Returning to earlier distinction between "don't agree with/like" and "bad," I think I have to say that while nobody ever wants to be bad or do a poor job, sometimes they do *anyway* and that's just how being human works, just like how truly good and considerate people can inadvertently (or advertently) be utter assholes. However, accidents and unintentional crappyness still have consequences, and I think its disingenuous to exonerate people based on their good intentions. Manslaughter can't be overlooked because you really didn't mean to (which would, by definition make it manslaughter rather than outright murder), and if you accidentally rear-end another car, you're still bound to be liable for paying damages, etc. That's just how it is. So if you get on the stage and people are charged money on your behalf and you end up sucking, whether you mean to or not, I dunno. Does it make me seem like a hardass to say that while I appreciate everyone's efforts, sometimes, someone's best just isn't good enough? It's just lamentable that the only effective way to express dis-satisfaction at something like a performance is something as jarring as booing (cf. previous letter writing analysis).

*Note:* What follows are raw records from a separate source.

Lemma sup_ip_ge0 h : (forall g, D g -> D (- g)) -> 0 <= sup_ip ip D h.
Proof.
move=> D_sym; have [->|/set0P[g Dg]] := eqVneq D set0.
  by rewrite /sup_ip image_set0 sup0.
have := ip_le_sup_ip h (D_sym _ Dg); have := ip_le_sup_ip h Dg.
rewrite ipNr //; lra.
Qed.

Lemma A1norm_ge0 f : (0 <= A1norm D f)%E.
Proof. by apply: le_ereal_inf_tmp => _ [M [M_gt0 _] <-]; rewrite lee_fin ltW. Qed.

Lemma fine_A1norm_ge0 f : 0 <= fine (A1norm D f).
Proof. exact/fine_ge0/A1norm_ge0. Qed.

Lemma ip_le_A1norm h s f : (A1norm D f < +oo)%E ->
  (forall g, D g -> ip h g <= s) -> ip h f <= fine (A1norm D f) * s.
Proof.
move=> A1f D_le; set E := [set M : R | 0 < M /\ A1 D (M^-1 *: f)].
have A1fE : (fine (A1norm D f))%:E = A1norm D f.
  by rewrite fineK // ge0_fin_numE // A1norm_ge0.
have A1_le M : E M -> fine (A1norm D f) <= M.
  by move=> EM; rewrite -lee_fin A1fE; apply: ereal_inf_lbound; exists M.
have ip_le M : E M -> ip h f <= M * s.
  move=> [M_gt0 A1M]; have := ip_le_closure hip (fun y => ip_le_conv_hull hip D_le) A1M.
  by rewrite ipZr // -ler_pdivrMl // mulrC.
have [M EM] : E !=set0.
  apply/set0P/negP => /eqP E0; move: A1f.
  by rewrite /A1norm -/E E0 image_set0 ereal_inf0.
have [s_gt0|s_le0] := ltP 0 s.
  rewrite -ler_pdivrMr // -lee_fin A1fE.
  apply: le_ereal_inf_tmp => _ [M' EM' <-].
  by rewrite lee_fin ler_pdivrMr // ip_le.
by apply: le_trans (ip_le M EM) _; rewrite ler_wnM2r // A1_le.
Qed.

Lemma norm_le_A1norm f : (A1norm D f < +oo)%E -> `|f| <= fine (A1norm D f).
Proof.
move=> A1f; have [->|f_neq0] := eqVneq f 0; first by rewrite normr0 fine_A1norm_ge0.
have f_gt0 : 0 < `|f| by rewrite normr_gt0.
rewrite -(ler_pM2l f_gt0) -expr2 -(ipxx hip) mulrC.
apply: le_trans (ip_le_A1norm A1f (ip_le_sup_ip f)) _.
by rewrite ler_wpM2l ?fine_A1norm_ge0 ?sup_ip_le_norm.
Qed.

End Dictionary.

Lemma wga_resE (R : realType) (H : completeNormedModType R) (ip : H -> H -> R) b f phi m :
  wga_res ip b f phi m = f - wga_approx ip b f phi m.
Proof.
elim: m => [|m IH]; first by rewrite /wga_approx big_geq // scaler0 subr0.
rewrite /wga_approx big_nat_recr //= scalerDr -/(wga_approx ip b f phi m).
by rewrite opprD addrA -IH scalerA.
Qed.

Section WGA.
Variables (R : realType) (H : completeNormedModType R) (ip : H -> H -> R).
Variables (t b : R) (D : set H) (f : H) (phi : nat -> H) (m : nat).
Hypotheses (hip : inner_product ip) (t_gt0 : 0 < t) (b_gt0 : 0 < b) (b_lt2 : b < 2).
Hypotheses (D_unit : forall g, D g -> `|g| = 1) (D_sym : forall g, D g -> D (- g)).
Hypotheses (A1f : (A1norm D f < +oo)%E) (hreal : wga_realization ip t b D f phi m).

Local Notation res := (wga_res ip b f phi).
Local Notation A := (fine (A1norm D f)).

Let beta_ge0 : 0 <= b * (2 - b).
Proof. by rewrite mulr_ge0 ?subr_ge0 // ltW. Qed.

(* [wga_coef j] is the coefficient c_(j+1) of step j+1, computed from [res j]. *)
Definition wga_coef j := ip (res j) (phi j.+1).

Definition res_bound j := A + b * \sum_(i < j) wga_coef i.

Lemma wga_resS j : res j.+1 = res j - (b * wga_coef j) *: phi j.+1.
Proof. by []. Qed.

Lemma res_bound0 : res_bound 0 = A.
Proof. by rewrite /res_bound big_ord0 mulr0 addr0. Qed.

Lemma res_boundS j : res_bound j.+1 = res_bound j + b * wga_coef j.
Proof. by rewrite /res_bound big_ord_recr mulrDr addrA. Qed.

Lemma wga_step j : (j < m)%N -> D (phi j.+1) /\ t * sup_ip ip D (res j) <= wga_coef j.
Proof. exact: hreal j.+1. Qed.

Lemma wga_coef_ge0 j : (j < m)%N -> 0 <= wga_coef j.
Proof.
move=> /wga_step[_]; apply: le_trans.
exact: mulr_ge0 (ltW t_gt0) (sup_ip_ge0 hip D_unit _ D_sym).
Qed.

Lemma A1norm_le_res_bound j : (j <= m)%N -> A <= res_bound j.
Proof.
move=> jm; rewrite lerDl; apply: mulr_ge0 (ltW b_gt0) _; apply: sumr_ge0 => i _.
exact/wga_coef_ge0/(leq_trans (ltn_ord i)).
Qed.

Lemma res_bound_ge0 j : (j <= m)%N -> 0 <= res_bound j.
Proof. by move/A1norm_le_res_bound; apply: le_trans (fine_A1norm_ge0 _ _). Qed.

Lemma ip_le_res_bound j h : (j <= m)%N -> ip h (res j) <= res_bound j * sup_ip ip D h.
Proof.
elim: j => [_|j IH jm].
  by rewrite res_bound0; apply: ip_le_A1norm => // g; apply: ip_le_sup_ip.
have [Dphi _] := wga_step jm.
rewrite wga_resS ipBr // ipZr // res_boundS mulrDl.
apply: lerD; first exact: IH (ltnW jm).
rewrite -mulrN -ipNr //; apply: ler_wpM2l.
  exact: mulr_ge0 (ltW b_gt0) (wga_coef_ge0 jm).
exact: ip_le_sup_ip (D_sym Dphi).
Qed.

Lemma wga_coef_lower j : (j < m)%N -> t * `|res j| ^+ 2 <= wga_coef j * res_bound j.
Proof.
move=> jm; have [_ tS_le] := wga_step jm; have B_ge0 := res_bound_ge0 (ltnW jm).
rewrite -(ipxx hip); apply: le_trans (ler_wpM2l (ltW t_gt0) (ip_le_res_bound _ (ltnW jm))) _.
by rewrite mulrCA [_ * res_bound j]mulrC; apply: ler_wpM2l.
Qed.

Lemma sqr_norm_wga_resS j : (j < m)%N ->
  `|res j.+1| ^+ 2 = `|res j| ^+ 2 - b * (2 - b) * wga_coef j ^+ 2.
Proof.
move=> jm; have [Dphi _] := wga_step jm.
by rewrite wga_resS (sqr_normBZ hip _ _ (D_unit Dphi)) /wga_coef; ring.
Qed.
(* There is an absolute constant $c$ such that the following holds. Let $K$ be any field, $n\ge3$, $V$ an $n$-dimensional $K$-vector space, and let $1\le k\le 5$. Let $r_1=1+v_1\otimes\phi_1,\ldots,r_k=1+v_k\otimes\phi_k$ be a directed path of transvections, i.e. pairwise distinct transvections with $(r_i,r_{i+1})$ an edge for $1\le i<k$. Assume that if $k=3$ then at least one of $(r_1,r_2)$, $(r_2,r_3)$ is one-way directed, and if $4\le k\le 5$ then both $(r_1,r_2)$ and $(r_{k-1},r_k)$ are one-way directed. Let $Z=r_1^K\cup\cdots\cup r_k^K$. Then there is $\psi\in V^*$ such that $s:=1+(v_1+v_k)\otimes\psi$ is a transvection with $\ell_Z(s^K)\le c$. Similarly, there is $w\in V$ such that $t:=1+w\otimes(\phi_1+\phi_k)$ is a transvection with $\ell_Z(t)\le c$.
   Context: A transvection is an element $1+d\otimes\phi\in SL(V)$ acting by $x\mapsto x+\phi(x)d$ with $d\in V$, $\phi\in V^*$, $\phi(d)=0$ (the identity is allowed as the trivial transvection; proper transvections have $d\neq0$, $\phi\neq0$). For $r=1+d\otimes\phi$ and $\lambda\in K$, $r^\lambda=1+\lambda d\otimes\phi$, $r^K=\{r^\lambda:\lambda\in K\}$. An edge $(r,s)$ between proper transvections $r=1+d_1\otimes\phi_1$, $s=1+d_2\otimes\phi_2$ means $\phi_2(d_1)\neq0$; it is one-way directed if $(s,r)$ is not an edge. For $A,B\subseteq SL(V)$, $A^m$ is the set of products of $m$ elements of $A$ and $\ell_A(B)=\min\{m:B\subseteq A^m\}$. *)

From HB Require Import structures.
From mathcomp Require Import all_boot all_order all_algebra.
Set Implicit Arguments. Unset Strict Implicit. Unset Printing Implicit Defensive.
Import GRing.Theory.
Local Open Scope ring_scope.

(* V = K^n as column vectors 'cV[K]_n, V^* = row vectors 'rV[K]_n,
   phi(x) = (phi *m x) 0 0.  Elements of SL(V) are n x n matrices acting
   on column vectors, so 1 + d (x) phi is the matrix 1 + d *m phi. *)

Definition pairing (K : fieldType) (n : nat) (phi : 'rV[K]_n) (x : 'cV[K]_n) : K :=
  (phi *m x) 0 0.

Definition tv (K : fieldType) (n : nat) (d : 'cV[K]_n) (phi : 'rV[K]_n) : 'M[K]_n :=
  1%:M + d *m phi.

Definition edge (K : fieldType) (n : nat) (d1 : 'cV[K]_n) (phi1 : 'rV[K]_n)
  (d2 : 'cV[K]_n) (phi2 : 'rV[K]_n) : Prop :=
  pairing phi2 d1 <> 0.

Definition one_way (K : fieldType) (n : nat) (d1 : 'cV[K]_n) (phi1 : 'rV[K]_n)
  (d2 : 'cV[K]_n) (phi2 : 'rV[K]_n) : Prop :=
  edge d1 phi1 d2 phi2 /\ ~ edge d2 phi2 d1 phi1.

Definition prod_pow (K : fieldType) (n : nat) (A : 'M[K]_n -> Prop) (m : nat)
  (M : 'M[K]_n) : Prop :=
  exists s : seq 'M[K]_n,
    size s = m /\ (forall x, x \in s -> A x) /\ M = foldr mulmx 1%:M s.

Definition length_le (K : fieldType) (n : nat) (A B : 'M[K]_n -> Prop) (c : nat) : Prop :=
  exists m, (m <= c)%N /\ forall M, B M -> prod_pow A m M.

Definition tv_line (K : fieldType) (n : nat) (d : 'cV[K]_n) (phi : 'rV[K]_n)
  (M : 'M[K]_n) : Prop :=
  exists lambda : K, M = tv (lambda *: d) phi.

(* For [a(x) = 0] write [x (x) a] for the root group {1 + l x (x) a : l in K}.
   Three identities manufacture such root groups from [Z]: root groups sharing a
   form (or a vector) multiply, [x (x) a] [y (x) a] = [(x + y) (x) a]; conjugating
   [x (x) a] by an element of [y (x) b] gives [(x + mu b(x) y) (x) (a - mu a(y) b)];
   and if [b(x) = 0 <> a(y)], commutators of [x (x) a] with [y (x) b] fill
   [x (x) b].  Starting from the root groups [r_i^K] of [Z], a case analysis on
   which pairings [phi_j(v_i)] vanish yields a nonzero [psi] with
   [(v_1 + v_k) (x) psi] inside [Z^m] for some [m <= 100].  Transposition swaps
   vectors and forms and reverses products, so the claim about [phi_1 + phi_k] is
   the same result for the transposed path traversed backwards. *)

From HB Require Import structures.
From mathcomp Require Import all_boot all_order all_algebra.
From mathcomp Require Import ring zify.
Set Implicit Arguments. Unset Strict Implicit. Unset Printing Implicit Defensive.
Import GRing.Theory.
Local Open Scope ring_scope.

Local Ltac mx_ring := apply/matrixP => i j; rewrite !(mxE, big_ord1); ring.

Section Transvections.
Variables (K : fieldType) (n : nat).
Implicit Types (a b : 'rV[K]_n) (x y : 'cV[K]_n) (c : K).

Lemma pairing_mx a x : a *m x = (pairing a x)%:M.
Proof. by rewrite /pairing {1}[a *m x]mx11_scalar. Qed.

Lemma pairingDl a b x : pairing (a + b) x = pairing a x + pairing b x.
Proof. by rewrite /pairing mulmxDl mxE. Qed.

Lemma pairingDr a x y : pairing a (x + y) = pairing a x + pairing a y.
Proof. by rewrite /pairing mulmxDr mxE. Qed.

Lemma pairingNl a x : pairing (- a) x = - pairing a x.
Proof. by rewrite /pairing mulNmx mxE. Qed.

Lemma pairingZl c a x : pairing (c *: a) x = c * pairing a x.
Proof. by rewrite /pairing -scalemxAl mxE. Qed.

Lemma pairingZr c a x : pairing a (c *: x) = c * pairing a x.
Proof. by rewrite /pairing -scalemxAr mxE. Qed.

Lemma pairing_trmx a x : pairing x^T a^T = pairing a x.
Proof. by rewrite /pairing -trmx_mul mxE. Qed.

Lemma mul_rank1 x y a b : (x *m a) *m (y *m b) = pairing a y *: (x *m b).
Proof. by rewrite mulmxA -(mulmxA x) pairing_mx mul_mx_scalar -scalemxAl. Qed.

Lemma tv_mul x y a b :
  tv x a *m tv y b = 1%:M + x *m a + y *m b + pairing a y *: (x *m b).
Proof.
rewrite /tv mulmxDl mulmxDr !mul1mx mulmxDr mulmx1 mul_rank1.
by rewrite !addrA (addrAC _ (y *m b)).
Qed.

Lemma tv_trmx x a : (tv x a)^T = tv a^T x^T.
Proof. by rewrite /tv linearD /= trmx1 trmx_mul. Qed.

End Transvections.

Definition pairingE := (pairingDl, pairingDr, pairingNl, pairingZl, pairingZr).

Section Products.
Variables (K : fieldType) (n : nat) (Z : 'M[K]_n -> Prop).

Lemma foldr_mulmx_cat (s1 s2 : seq 'M[K]_n) :
  foldr mulmx 1%:M (s1 ++ s2) = foldr mulmx 1%:M s1 *m foldr mulmx 1%:M s2.
Proof. by elim: s1 => [|A s IH] /=; rewrite ?mul1mx // IH mulmxA. Qed.

Lemma prod_pow1 M : Z M -> prod_pow Z 1 M.
Proof.
move=> ZM; exists [:: M]; split=> //; split; last by rewrite /= mulmx1.
by move=> A; rewrite inE => /eqP ->.
Qed.

Lemma prod_pow_mul m1 m2 A B :
  prod_pow Z m1 A -> prod_pow Z m2 B -> prod_pow Z (m1 + m2) (A *m B).
Proof.
move=> [s1 [<- [Zs1 ->]]] [s2 [<- [Zs2 ->]]]; exists (s1 ++ s2).
rewrite size_cat foldr_mulmx_cat; split=> //; split=> // M.
by rewrite mem_cat => /orP [/Zs1 | /Zs2].
Qed.

End Products.

Lemma prod_pow_trmx (K : fieldType) n (Z1 Z2 : 'M[K]_n -> Prop) m M :
  (forall N, Z1 N -> Z2 N^T) -> prod_pow Z1 m M -> prod_pow Z2 m M^T.
Proof.
move=> Z12 [s [<- [Zs ->]]]; exists (rev (map trmx s)); rewrite size_rev size_map.
split=> //; split.
  by move=> N; rewrite mem_rev => /mapP [A /Zs /Z12 ZA ->].
elim: s {Zs} => [|A s IH] /=; first by rewrite trmx1.
by rewrite trmx_mul IH rev_cons -cats1 foldr_mulmx_cat /= mulmx1.
Qed.

Section RootGroups.
Variables (K : fieldType) (n : nat) (Z : 'M[K]_n -> Prop).
Implicit Types (a b c : 'rV[K]_n) (x y : 'cV[K]_n).

Definition rootgroup_in m x a :=
  pairing a x = 0 /\ forall l : K, prod_pow Z m (tv (l *: x) a).

Lemma rootgroup_in1 x a :
  pairing a x = 0 -> (forall l, Z (tv (l *: x) a)) -> rootgroup_in 1 x a.
Proof. by move=> ax0 Zxa; split=> // l; apply: prod_pow1. Qed.

Lemma rootgroup_inZv m (mu : K) x a : rootgroup_in m x a -> rootgroup_in m (mu *: x) a.
Proof. by move=> [ax0 Zxa]; split=> [|l]; rewrite ?pairingZr ?ax0 ?mulr0 // scalerA. Qed.

Lemma rootgroup_inZf m (mu : K) x a : rootgroup_in m x a -> rootgroup_in m x (mu *: a).
Proof.
move=> [ax0 Zxa]; split=> [|l]; first by rewrite pairingZl ax0 mulr0.
have -> : tv (l *: x) (mu *: a) = tv ((l * mu) *: x) a by rewrite /tv; mx_ring.
exact: Zxa.
Qed.

Lemma rootgroup_inDv m1 m2 x y a :
  rootgroup_in m1 x a -> rootgroup_in m2 y a -> rootgroup_in (m1 + m2) (x + y) a.
Proof.
move=> [ax0 Zxa] [ay0 Zya]; split=> [|l]; first by rewrite pairingDr ax0 ay0 addr0.
have -> : tv (l *: (x + y)) a = tv (l *: x) a *m tv (l *: y) a.
  by rewrite tv_mul pairingZr ay0 mulr0 /tv; mx_ring.
exact: prod_pow_mul.
Qed.

Lemma rootgroup_inDf m1 m2 x a b :
  rootgroup_in m1 x a -> rootgroup_in m2 x b -> rootgroup_in (m1 + m2) x (a + b).
Proof.
move=> [ax0 Zxa] [bx0 Zxb]; split=> [|l]; first by rewrite pairingDl ax0 bx0 addr0.
have -> : tv (l *: x) (a + b) = tv (l *: x) a *m tv (l *: x) b.
  by rewrite tv_mul pairingZr ax0 mulr0 /tv; mx_ring.
exact: prod_pow_mul.
Qed.

Lemma rootgroup_inBv m1 m2 x y a :
  rootgroup_in m1 x a -> rootgroup_in m2 y a -> rootgroup_in (m1 + m2) (x - y) a.
Proof. by move=> Rx /(rootgroup_inZv (-1)); rewrite scaleN1r; apply: rootgroup_inDv. Qed.

Lemma rootgroup_inBf m1 m2 x a b :
  rootgroup_in m1 x a -> rootgroup_in m2 x b -> rootgroup_in (m1 + m2) x (a - b).
Proof. by move=> Ra /(rootgroup_inZf (-1)); rewrite scaleN1r; apply: rootgroup_inDf. Qed.

Lemma tv_conj (mu : K) x y a b : pairing b y = 0 ->
  tv (mu *: y) b *m tv x a *m tv (- mu *: y) b =
  tv (x + (mu * pairing b x) *: y) (a - (mu * pairing a y) *: b).
Proof.
move=> by0.
have -> : tv (mu *: y) b *m tv x a =
    tv (x + (mu * pairing b x) *: y) (a - (mu * pairing a y) *: b) *m tv (mu *: y) b.
  by rewrite !tv_mul !pairingE by0 /tv; mx_ring.
have inv_tv : tv (mu *: y) b *m tv (- mu *: y) b = 1%:M.
  by rewrite tv_mul !pairingE by0 /tv; mx_ring.
by rewrite -mulmxA inv_tv mulmx1.
Qed.

Lemma rootgroup_in_conj m1 m2 (mu : K) x y a b :
  rootgroup_in m1 x a -> rootgroup_in m2 y b ->
  rootgroup_in (m2 + m1 + m2) (x + (mu * pairing b x) *: y) (a - (mu * pairing a y) *: b).
Proof.
move=> [ax0 Zxa] [by0 Zyb]; split=> [|l]; first by rewrite !pairingE ax0 by0; ring.
have -> : tv (l *: (x + (mu * pairing b x) *: y)) (a - (mu * pairing a y) *: b) =
    tv (mu *: y) b *m tv (l *: x) a *m tv (- mu *: y) b.
  by rewrite tv_conj // !pairingE; congr tv; mx_ring.
by apply: prod_pow_mul; first apply: prod_pow_mul.
Qed.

To wit, I haven't booed (and probably won't either because I can't bring myself to or because I attend all of these things with a student mentality) but I also can't really justify (to myself) an abstract objection to it.

Anonymous said...

Do you perform, Alex?

alex said...


Anonymous said...

OK, Alex...well I see your point of view and I wouldn't argue your right to express yourself that way if you chose. I just come at it from the perspective of one who has seen these people obsess with the booing for years to come and really, REALLY suffer over it. Writing letters and musical critiques are a different matter in that they don't include the instant humiliation of the performer and the result that the audience sees that humiliation. Your intellectual analysis aside, written criticism has a longevity and permanence that make it a perfectly valid expression of dissatisfaction, if that is truly one's goal. Too often, however, the actual goal is to show off one's musical perception to the surrounding audience members. In this most recent case, PD is rehearsing extremely long days trying to prepare the First Emperor and this kind of thing just makes that all the more difficult for him, as it would for anyone...

Primarily, I was reacting to the statement that fame and money make one immune to booing as if the rich and famous are not human............

best wishes, Alex, and thanks for your thoughts

alex said...

Thanks for your well wishes, could always use more!

It sounds like we approach or reach the same conclusion but word it differently. All of your reasons why not to boo are completely valid, and as someone who performs, I certainly understand (on some tiny, microscopic level) and sympathize with the pressures of putting oneself before a public. However, I still believe that none of these reasons point to the indefensibility of booing, a priori, regardless of whether or not *all* cases of booing are appropriate, in good taste, good ideas, etc.

I am reminded of a conversation that one of my friends had with her bible study group, who were shocked to learn that she was pro-choice. She said that everyone had a right to choose and that her own personal choice would be for life. I guess I feel similarly about booing. I would object to people who boo to "show off one's musical perception" at the expense of the performers, but I'm not philosophically opposed to booing itself.

Thanks for sharing your thoughts, too, anon.

Maury D'annato said...

Anon: fair enough about the famous being human, too. And, as I said, I can't bring myself to boo despite this perhaps erroneous conclusion I drew, that it wouldn't matter to someone like Domingo. I do, though, think there's something unpleasantly grandiose about Domingo's need to conduct. Nobody will stop him from conducting, despite the fact that a lot of people think he's terrible at it, including people who think he's a great singer...and I think very objectively someone who wasn't Placido Domingo that had his talent in conducting would not be conducting at a major house, much less the Met. So that's why I couldn't bring myself to very loudly deplore the booing, even if I wasn't entirely in favor of it and never would have joined in.